To make the appetizer as tender and tasty as possible, the ingredients included in it must be properly prepared for baking:

  1. First of all, the mushrooms are thoroughly washed and dried, in this case the appearance of excess liquid can be avoided.
  2. For stuffing, you should carefully remove the leg using a sharp knife; it can also be used in the filling, but before that, chop it and fry it with onions.
  3. The inside of the cap is cleaned with a teaspoon, then it will be possible to add much more filling. You should not take rotten specimens; the cap should be plain, and there should be no damp smell coming from them.
  4. Basil will help add a piquant aroma and distinct taste. It is enough to put a small pinch of spice in each cap.

Baked champignons with minced chicken and bell pepper

And if you want to add a bright note of taste and color to the dish, then add aromatic sweet bell pepper to the recipe.

We will need:

  • large champignons – 300 g
  • minced chicken – 300 gr
  • bell pepper – 0.5 pcs
  • onion – 1-2 pcs
  • hard cheese – 100-150 g
  • juice from half a lemon
  • greens - dill, or parsley, or thyme
  • butter
  • olive oil
  • salt, pepper - to taste

Preparation:

1. Peel the mushrooms, rinse with cool water and dry. Remove the leg and cut it into small cubes.

2. Sprinkle the mushroom caps with salt and pepper. Then pour in the juice from half a lemon and drizzle with olive oil.
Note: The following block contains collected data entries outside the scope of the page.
(* Let the setting in the context hold, let $\beta_i\in(0,1)$ for each $i\in\mathcal{N}$, and suppose each agent uses the Wasserstein radius $\epsilon_i=\epsilon_i(K_i,\beta_i)$. Let $x_K^*$ be a DRNE of the game $\forall i:\ \min_{x_i\in X_i}\max_{\mathbb{Q}_i\in\mathbb{B}_{\epsilon_i(K_i,\beta_i)}(\hat{\mathbb{P}}_{K_i})}\mathbb{E}_{\mathbb{Q}_i}[h_i(x_i,x_{-i},\xi_i)]$ computed from the drawn multisample $\xi_K=\{\xi_{K_i}\}_{i=1}^N$. Then $$\mathbb{P}^K\Big\{\mathbb{E}_{\mathbb{P}_i}[h_i(x_K^*,\xi_i)]\le\sup_{\mathbb{Q}_i\in\mathbb{B}_{\epsilon_i(K_i,\beta_i)}(\hat{\mathbb{P}}_{K_i})}\mathbb{E}_{\mathbb{Q}_i}[h_i(x_K^*,\xi_i)]\ \ \forall i\in\mathcal{N}\Big\}\ \ge\ 1-\sum_{i\in\mathcal{N}}\beta_i,$$ where $\mathbb{P}^K=\prod_{i=1}^N\mathbb{P}_i^{K_i}$.
   Context: Agents $i\in\mathcal{N}=\{1,\dots,N\}$ choose $x_i\in X_i\subseteq\mathbb{R}^n$, $X=\prod_iX_i$, $x=\mathrm{col}((x_i)_i)$, $x_{-i}$ the others' decisions; $h_i:\mathbb{R}^{nN}\times\Xi_i\to\mathbb{R}$ is agent $i$'s cost, with uncertainty $\xi_i\in\Xi_i\subseteq\mathbb{R}^p$, $p\neq 2$, distributed according to an unknown true distribution $\mathbb{P}_i$. $\|\cdot\|$ is the Euclidean norm; $\mathcal{M}(\Xi_i)$ is the set of distributions on $\Xi_i$ with finite first moment; $d_W(\mathbb{Q}_1,\mathbb{Q}_2)=\inf_\Pi\int\|\xi_1-\xi_2\|\Pi(d\xi_1,d\xi_2)$ over couplings $\Pi$ of $\mathbb{Q}_1,\mathbb{Q}_2$. Each agent $i$ draws $K_i\ge1$ i.i.d. samples $\xi_{K_i}=\{\xi_i^{(k)}\}_{k=1}^{K_i}$ from $\mathbb{P}_i$ (independently across agents), with empirical distribution $\hat{\mathbb{P}}_{K_i}=\frac1{K_i}\sum_k\delta_{\xi_i^{(k)}}$ and $\mathbb{B}_{\epsilon}(\hat{\mathbb{P}}_{K_i})=\{\mathbb{Q}\in\mathcal{M}(\Xi_i):d_W(\hat{\mathbb{P}}_{K_i},\mathbb{Q})\le\epsilon\}$. A DRNE is $x^*_K\in X$ with $x^*_{i,K}\in\arg\min_{x_i\in X_i}\max_{\mathbb{Q}_i\in\mathbb{B}_{\epsilon_i}(\hat{\mathbb{P}}_{K_i})}\mathbb{E}_{\mathbb{Q}_i}[h_i(x_i,x^*_{-i,K},\xi_i)]$ for all $i$. Light-tail assumption: for each $i$, the true distribution $\mathbb{P}_i$ (and every distribution considered in agent $i$'s ambiguity set) belongs to $\mathcal{M}(\Xi_i)$ and there is $a_i>1$ with $A_i:=\mathbb{E}[\exp(\|\xi_i\|^{a_i})]<\infty$. Under this assumption there are constants $c_i,b_i>0$ depending only on $a_i,A_i,p$ (Fournier–Guillin) such that $\mathbb{P}_i^{K_i}\{\mathbb{P}_i\in\mathbb{B}_{\epsilon}(\hat{\mathbb{P}}_{K_i})\}\ge 1-c_i\exp(-b_iK_i\epsilon^{\max\{p,2\}})$ if $\epsilon\le1$ and $\ge 1-c_i\exp(-b_iK_i\epsilon^{a_i})$ if $\epsilon>1$. The radius $\epsilon_i(K_i,\beta_i)$ is defined as $\big(\ln(c_i/\beta_i)/(b_iK_i)\big)^{1/\max\{p,2\}}$ if $K_i\ge\ln(c_i/\beta_i)/b_i$ and $\big(\ln(c_i/\beta_i)/(b_iK_i)\big)^{1/a_i}$ otherwise; it satisfies $\mathbb{P}_i^{K_i}\{d_W(\mathbb{P}_i,\hat{\mathbb{P}}_{K_i})\le\epsilon_i(K_i,\beta_i)\}\ge1-\beta_i$. *)

From HB Require Import structures.
From mathcomp Require Import all_boot all_order all_algebra.
From mathcomp Require Import all_classical all_reals all_analysis.
Set Implicit Arguments. Unset Strict Implicit. Unset Printing Implicit Defensive.
Import Order.TTheory GRing.Theory Num.Theory.
Local Open Scope classical_set_scope.
Local Open Scope ring_scope.

Section Defs.
Context {R : realType}.

(* Euclidean distance on R^p, represented as p.-tuple R (product Borel sigma-algebra) *)
Definition edist (p : nat) (u v : p.-tuple R) : R :=
  Num.sqrt (\sum_(j < p) (tnth u j - tnth v j) ^+ 2).
Definition enorm (p : nat) (u : p.-tuple R) : R :=
  Num.sqrt (\sum_(j < p) (tnth u j) ^+ 2).

Local Notation V p := (p.-tuple R).

Definition coupling (p : nat) (mu1 mu2 : set (V p) -> \bar R)
  (Pi : probability (V p * V p)%type R) : Prop :=
  (forall A : set (V p), measurable A -> Pi (A `*` setT) = mu1 A) /\
  (forall A : set (V p), measurable A -> Pi (setT `*` A) = mu2 A).

Definition dW (p : nat) (mu1 mu2 : set (V p) -> \bar R) : \bar R :=
  ereal_inf [set (\int[Pi]_z (edist z.1 z.2)%:E)%E | Pi in coupling mu1 mu2].

Definition empirical (p K : nat) (s : 'I_K -> V p) : set (V p) -> \bar R :=
  fun A => (((K%:R)^-1)%:E * \sum_(k < K) \d_(s k) A)%E.

Definition inM (p : nat) (Xi : set (V p)) (Q : probability (V p) R) : Prop :=
  (exists2 A : set (V p), measurable A & A `<=` Xi /\ Q A = 1%E) /\
  (\int[Q]_z (enorm z)%:E < +oo)%E.

Definition Wball (p : nat) (Xi : set (V p)) (eps : R) (mu : set (V p) -> \bar R)
  : set (probability (V p) R) :=
  [set Q | inM Xi Q /\ (dW mu Q <= eps%:E)%E].

Definition upd (N n : nat) (x : 'I_N -> 'rV[R]_n) (i : 'I_N) (y : 'rV[R]_n) :=
  fun j => if j == i then y else x j.

Definition worst_exp (N n p : nat) (Xi : set (V p)) (eps : R)
  (mu : set (V p) -> \bar R) (hi : ('I_N -> 'rV[R]_n) -> V p -> R)
  (x : 'I_N -> 'rV[R]_n) : \bar R :=
  ereal_sup [set (\int[Q]_z (hi x z)%:E)%E | Q in Wball Xi eps mu].

Definition is_DRNE (N n p : nat) (X : 'I_N -> set 'rV[R]_n)
  (Xi : 'I_N -> set (V p)) (eps : 'I_N -> R) (mu : 'I_N -> set (V p) -> \bar R)
  (h : 'I_N -> ('I_N -> 'rV[R]_n) -> V p -> R) (x : 'I_N -> 'rV[R]_n) : Prop :=
  forall i, X i (x i) /\
    forall y, X i y ->
      (worst_exp (Xi i) (eps i) (mu i) (h i) x
        <= worst_exp (Xi i) (eps i) (mu i) (h i) (upd x i y))%E.

Definition eps_radius (p : nat) (a b c : R) (K : nat) (beta : R) : R :=
  let L := ln (c / beta) / (b * K%:R) in
  if ln (c / beta) / b <= K%:R then powR L (maxn p 2)%:R^-1 else powR L a^-1.

Definition mutually_independent {dO} {O : measurableType dO} (P : probability O R)
  (N p : nat) (K : 'I_N -> nat) (xi : forall i : 'I_N, 'I_(K i) -> O -> V p) : Prop :=
  forall B : forall i : 'I_N, 'I_(K i) -> set (V p),
    (forall i k, measurable (B i k)) ->
    P (\big[setI/setT]_(i < N) \big[setI/setT]_(k < K i) (xi i k @^-1` B i k))
    = (\prod_(i < N) \prod_(k < K i) P (xi i k @^-1` B i k))%E.

End Defs.

From HB Require Import structures.
From mathcomp Require Import all_boot all_order all_algebra.
From mathcomp Require Import all_classical all_reals all_analysis.
From mathcomp Require Import lra.
Set Implicit Arguments.
Unset Strict Implicit.
Import Order.TTheory GRing.Theory Num.Theory.
Local Open Scope classical_set_scope.
Local Open Scope ring_scope.

(* On the event G_i that the empirical distribution of agent i lies within
   Wasserstein distance eps_i of the true law P_i, the law P_i belongs to agent
   i's ambiguity set, so the true expected cost of any decision profile, in
   particular of the DRNE, is at most the worst-case expectation.  The radius
   eps_i(K_i, beta_i) inverts the Fournier-Guillin rate, hence P(G_i) >= 1 - beta_i;
   when c_i <= beta_i the radius can be 0 and the bound is obtained from the
   Fournier-Guillin bound at every positive radius by continuity from above.
   A union bound over the agents concludes. *)

Section radius.
Variable R : realType.

Definition fg_exponent (p : nat) (a eps : R) : R :=
  if eps <= 1 then powR eps (maxn p 2)%:R else powR eps a.

Lemma eps_radius_ge0 (p : nat) (a b c : R) (K : nat) (beta : R) :
  0 <= eps_radius p a b c K beta.
Proof. by rewrite /eps_radius; case: ifP => _; apply: powR_ge0. Qed.

Lemma fg_exponent_root (p : nat) (a L : R) : 0 < a -> 0 < L ->
  fg_exponent p a (if L <= 1 then powR L (maxn p 2)%:R^-1 else powR L a^-1) = L.
Proof.
move=> a0 L0; have M0 : (0 : R) < (maxn p 2)%:R by rewrite ltr0n leq_max orbT.
have powRK r : 0 < r -> powR (powR L r^-1) r = L.
  by move=> r0; rewrite -powRrM mulVf ?gt_eqF // powRr1 // ltW.
have one r : (1 : R) = powR 1 r by rewrite powR1.
rewrite /fg_exponent; have [L1|L1] := leP L 1.
  rewrite ifT ?powRK // [leRHS](one (maxn p 2)%:R^-1).
  by rewrite ge0_ler_powR ?invr_ge0 ?nnegrE ?ler01 ?(ltW L0) ?(ltW M0).
rewrite ifF ?powRK // [leRHS](one a^-1).
by apply/negbTE; rewrite -ltNge gt0_ltr_powR ?invr_gt0 ?nnegrE ?ler01 ?(ltW L0).
Qed.

Lemma eps_radiusE (p : nat) (a b c : R) (K : nat) (beta : R) :
  0 < b -> (0 < K)%N ->
  let L := ln (c / beta) / (b * K%:R) in
  eps_radius p a b c K beta =
    if L <= 1 then powR L (maxn p 2)%:R^-1 else powR L a^-1.
Proof.
move=> b0 K0 L; have bK0 : 0 < b * K%:R by rewrite mulr_gt0 ?ltr0n.
by rewrite /eps_radius -/L /L !ler_pdivrMr ?ltr0n // mul1r [K%:R * b]mulrC.
Qed.

Lemma fg_tail_eps_radius (p : nat) (a b c : R) (K : nat) (beta : R) :
  1 < a -> 0 < b -> 0 < beta -> beta < c -> (0 < K)%N ->
  0 < eps_radius p a b c K beta /\
  c * expR (- (b * K%:R * fg_exponent p a (eps_radius p a b c K beta))) = beta.
Proof.
move=> a1 b0 be0 bec K0; have bK0 : 0 < b * K%:R by rewrite mulr_gt0 ?ltr0n.
have cbe : 0 < c / beta by rewrite divr_gt0 // (lt_trans be0).
have L0 : 0 < ln (c / beta) / (b * K%:R).
  by rewrite divr_gt0 // ln_gt0 // ltr_pdivlMr // mul1r.
rewrite eps_radiusE //; split; first by case: ifP => _; apply: powR_gt0.
rewrite fg_exponent_root ?(lt_trans ltr01 a1) // [X in - X]mulrC divfK ?gt_eqF //.
by rewrite expRN lnK ?posrE // invf_div mulrC divfK // gt_eqF // (lt_trans be0).
Qed.

End radius.

Lemma sublevel_bigcap (R : realType) (T : Type) (f : T -> \bar R) (t : R) :
  [set w | (f w <= t%:E)%E] = \bigcap_m [set w | (f w <= (t + m.+1%:R^-1)%:E)%E].
Proof.
rewrite eqEsubset; split => w /= fw.
  by move=> m _; apply: le_trans fw _; rewrite lee_fin lerDl invr_ge0.
apply/lee_addgt0Pr => e e0; have [m] := ltr_add_invr e0; rewrite add0r => me.
by apply: le_trans (fw m I) _; rewrite EFinD leeD2l // lee_fin ltW.
Qed.

Section probability_bounds.
Variables (R : realType) (d : measure_display) (T : measurableType d).
Variable P : probability T R.

Lemma probability_setI_ge (A B : set T) (x y : R) :
  measurable A -> measurable B -> (x%:E <= P A)%E -> (y%:E <= P B)%E ->
  ((x + y - 1)%:E <= P (A `&` B))%E.
Proof.
move=> mA mB PA PB; have mAB := measurableI _ _ mA mB.
have PB_le : (P B <= P (A `&` B) + P (~` A))%E.
  rewrite (le_trans _ (measureU2 P mAB (measurableC mA))) //.
  apply: le_measure; rewrite ?inE //; first exact: measurableU (measurableC mA).
  by move=> w Bw; have [Aw|nAw] := pselect (A w); [left|right].
have finE C : measurable C -> P C = (fine (P C))%:E.
  by move=> mC; rewrite fineK // fin_num_measure.
move: PB_le PA PB; rewrite probability_setC // (finE _ mA) (finE _ mB) (finE _ mAB).
by rewrite -EFinB -EFinD !lee_fin; lra.
Qed.

Lemma probability_bigsetI_ge (I : Type) (r : seq I) (G : I -> set T)
    (beta : I -> R) :
  (forall i, measurable (G i)) -> (forall i, ((1 - beta i)%:E <= P (G i))%E) ->
  ((1 - \sum_(i <- r) beta i)%:E <= P (\big[setI/setT]_(i <- r) G i))%E.
Proof.
move=> mG PG; elim: r => [|i r IH]; first by rewrite !big_nil probability_setT subr0.
rewrite !big_cons; apply: le_trans (probability_setI_ge (mG i) _ (PG i) IH).
  by rewrite lee_fin; lra.
exact: bigsetI_measurable.
Qed.

Lemma probability_bigcap_ge (S : nat -> set T) (x : R) :
  (forall m, measurable (S m)) -> nonincreasing_seq S ->
  (forall m, (x%:E <= P (S m))%E) -> (x%:E <= P (\bigcap_m S m))%E.
Proof.
move=> mS S_dec PS.
have PS0_fin : (P (S 0%N) < +oo)%E by rewrite (le_lt_trans (probability_le1 P _)) ?ltry.
have cvgPS := nonincreasing_cvg_mu PS0_fin mS (bigcapT_measurable mS) S_dec.
rewrite -(cvg_lim _ cvgPS) //; apply: lime_ge; first exact: cvgP cvgPS.
exact: nearW.
Qed.

Lemma probability_sublevel_ge (f : T -> \bar R) (t x : R) :
  (forall e, t < e -> measurable [set w | (f w <= e%:E)%E]) ->
  (forall e, t < e -> (x%:E <= P [set w | (f w <= e%:E)%E])%E) ->
  measurable [set w | (f w <= t%:E)%E] /\ (x%:E <= P [set w | (f w <= t%:E)%E])%E.
Proof.
have t_lt m : t < t + m.+1%:R^-1 by rewrite ltrDl invr_gt0 ltr0n.
move=> mf Pf; rewrite sublevel_bigcap.
have mS m : measurable [set w | (f w <= (t + m.+1%:R^-1)%:E)%E] by exact: mf (t_lt m).
split; first exact: bigcapT_measurable.
apply: probability_bigcap_ge => // [m k mk|m]; last exact: Pf (t_lt m).
apply/subsetPset => w /= fw; apply: le_trans fw _.
by rewrite lee_fin lerD2l lef_pV2 ?posrE ?ltr0n // ler_nat.
Qed.

End probability_bounds.

Lemma sublevel_eps_radius_ge (R : realType) (d : measure_display)
    (T : measurableType d) (P : probability T R) (f : T -> \bar R)
    (p : nat) (a b c : R) (K : nat) (beta : R) :
  1 < a -> 0 < b -> 0 < c -> 0 < beta -> (0 < K)%N ->
  (forall e, 0 < e -> measurable [set w | (f w <= e%:E)%E]) ->
  (forall e, 0 < e ->
     ((1 - c * expR (- (b * K%:R * fg_exponent p a e)))%:E
       <= P [set w | (f w <= e%:E)%E])%E) ->
  let eps := eps_radius p a b c K beta in
  measurable [set w | (f w <= eps%:E)%E] /\
  ((1 - beta)%:E <= P [set w | (f w <= eps%:E)%E])%E.
Proof.
move=> a1 b0 c0 be0 K0 mf Pf eps.
have [bec|ceb] := ltP beta c.
  have [eps0 tailE] := fg_tail_eps_radius p a1 b0 be0 bec K0.
  by split; [exact: mf | rewrite -[X in 1 - X]tailE; exact: Pf].
apply: probability_sublevel_ge => [e|e] eps_e.
  by apply: mf; apply: le_lt_trans eps_e; apply: eps_radius_ge0.
have e0 : 0 < e by apply: le_lt_trans eps_e; apply: eps_radius_ge0.
apply: le_trans (Pf _ e0); rewrite lee_fin lerB //; apply: le_trans ceb.
rewrite ler_piMr ?(ltW c0) // -[leRHS]expR0 ler_expR oppr_le0.
by rewrite !mulr_ge0 ?ler0n ?(ltW b0) // /fg_exponent; case: ifP => _; apply: powR_ge0.
Qed.

Lemma worst_exp_ge (R : realType) (N n p : nat) (Xi : set (p.-tuple R)) (eps : R)
    (mu : set (p.-tuple R) -> \bar R) (hi : ('I_N -> 'rV[R]_n) -> p.-tuple R -> R)
    (x : 'I_N -> 'rV[R]_n) (Q : probability (p.-tuple R) R) :
  inM Xi Q -> (dW mu Q <= eps%:E)%E ->
  (\int[Q]_z (hi x z)%:E <= worst_exp Xi eps mu hi x)%E.
Proof. by move=> QM dWQ; apply: ereal_sup_ubound; exists Q. Qed.

Theorem lemma4 (R : realType) (N n p : nat) (hp : p != 2%N)
  (X : 'I_N -> set 'rV[R]_n)
  (Xi : 'I_N -> set (p.-tuple R))
  (h : 'I_N -> ('I_N -> 'rV[R]_n) -> p.-tuple R -> R)
  (Ptrue : 'I_N -> probability (p.-tuple R) R)
  (a b c beta : 'I_N -> R)
  (K : 'I_N -> nat)
  (* light-tail assumption *)
  (hPM : forall i, inM (Xi i) (Ptrue i))
  (ha : forall i, 1 < a i)
  (hA : forall i,
     (\int[Ptrue i]_z (expR (powR (enorm z) (a i)))%:E < +oo)%E)
  (hK : forall i, (0 < K i)%N)
  (hbeta : forall i, 0 < beta i < 1)
  (* the probability space carrying the multisample *)
  (dO : measure_display) (O : measurableType dO) (P : probability O R)
  (xi : forall i : 'I_N, 'I_(K i) -> O -> p.-tuple R)
  (hxi_meas : forall i k, measurable_fun setT (xi i k))
  (hxi_law : forall i k (B : set (p.-tuple R)), measurable B ->
     P (xi i k @^-1` B) = Ptrue i B)
  (hxi_indep : mutually_independent P xi)
  (* Fournier--Guillin concentration constants *)
  (hb : forall i, 0 < b i) (hc : forall i, 0 < c i)
  (hFG_meas : forall i (eps : R), 0 < eps ->
     measurable [set w | (dW (empirical (fun k => xi i k w)) (Ptrue i) <= eps%:E)%E])
  (hFG : forall i (eps : R), 0 < eps ->
     ((1 - c i * expR (- (b i * (K i)%:R *
          (if eps <= 1 then powR eps (maxn p 2)%:R else powR eps (a i)))))%:E
      <= P [set w | (dW (empirical (fun k => xi i k w)) (Ptrue i) <= eps%:E)%E])%E)
  (* a DRNE computed from the drawn multisample *)
  (xstar : O -> 'I_N -> 'rV[R]_n)
  (hDRNE : forall w, is_DRNE X Xi (fun i => eps_radius p (a i) (b i) (c i) (K i) (beta i))
                       (fun i => empirical (fun k => xi i k w)) h (xstar w)) :
  exists2 A : set O, measurable A /\
    A `<=` [set w | forall i : 'I_N,
        (\int[Ptrue i]_z (h i (xstar w) z)%:E
         <= worst_exp (Xi i) (eps_radius p (a i) (b i) (c i) (K i) (beta i))
              (empirical (fun k => xi i k w)) (h i) (xstar w))%E]
    & ((1 - \sum_(i < N) beta i)%:E <= P A)%E.
Proof.
pose eps i := eps_radius p (a i) (b i) (c i) (K i) (beta i).
pose G i := [set w | (dW (empirical (fun k => xi i k w)) (Ptrue i) <= (eps i)%:E)%E].
have G_ge i : measurable (G i) /\ ((1 - beta i)%:E <= P (G i))%E.
  have /andP[beta0 _] := hbeta i.
  exact: sublevel_eps_radius_ge (ha i) (hb i) (hc i) beta0 (hK i) (hFG_meas i) (hFG i).
exists (\big[setI/setT]_(i < N) G i).
  split; first by apply: bigsetI_measurable => i _; case: (G_ge i).
  move=> w; rewrite -bigcap_seq => Gw i.
  exact: worst_exp_ge (hPM i) (Gw i (mem_index_enum i)).
by apply: probability_bigsetI_ge => i; case: (G_ge i).
Qed.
Leave to marinate for 20 minutes.

3. Cut the onion and mushroom stems into small cubes.

4. Fry the onion in butter. If there is a small head available, then we will need 2 of them. If it’s big, then we’ll limit ourselves to one. The time for frying will be 2-3 minutes. Then add the legs, which also fry for no more than 3 minutes.

Then add minced meat. Break up the lumps with a spatula. And when we are done with this, we can add salt and pepper and immediately note the time. We will need 5 minutes. During this time, the minced meat will turn white, and that will be enough.

5. And so, our filling is almost ready. All that remains is to finely chop the bell pepper. To give the filling its bright color, take a red or orange fruit.

Add it and finely chopped herbs to the mixture and stir. It is best if you choose thyme from all the options offered. This aromatic herb will give our dish both taste and smell. But it is not always sold in regular supermarkets. In this case, parsley or dill will be in demand. Or you can take all the herbs in equal proportions.

6. Meanwhile, 20 minutes have already passed. The hats were pickled, and the kitchen was filled with pleasant lemon aromas. It's time to fill them with minced meat and bake.

7. We will need a temperature of 180 degrees. Therefore, it is better to preheat the oven in advance.

8. Grease a heat-resistant form with butter, maybe butter, or maybe olive oil. And place our beautiful and delicious-smelling preparations in it. We will need no more than 20 minutes of baking time.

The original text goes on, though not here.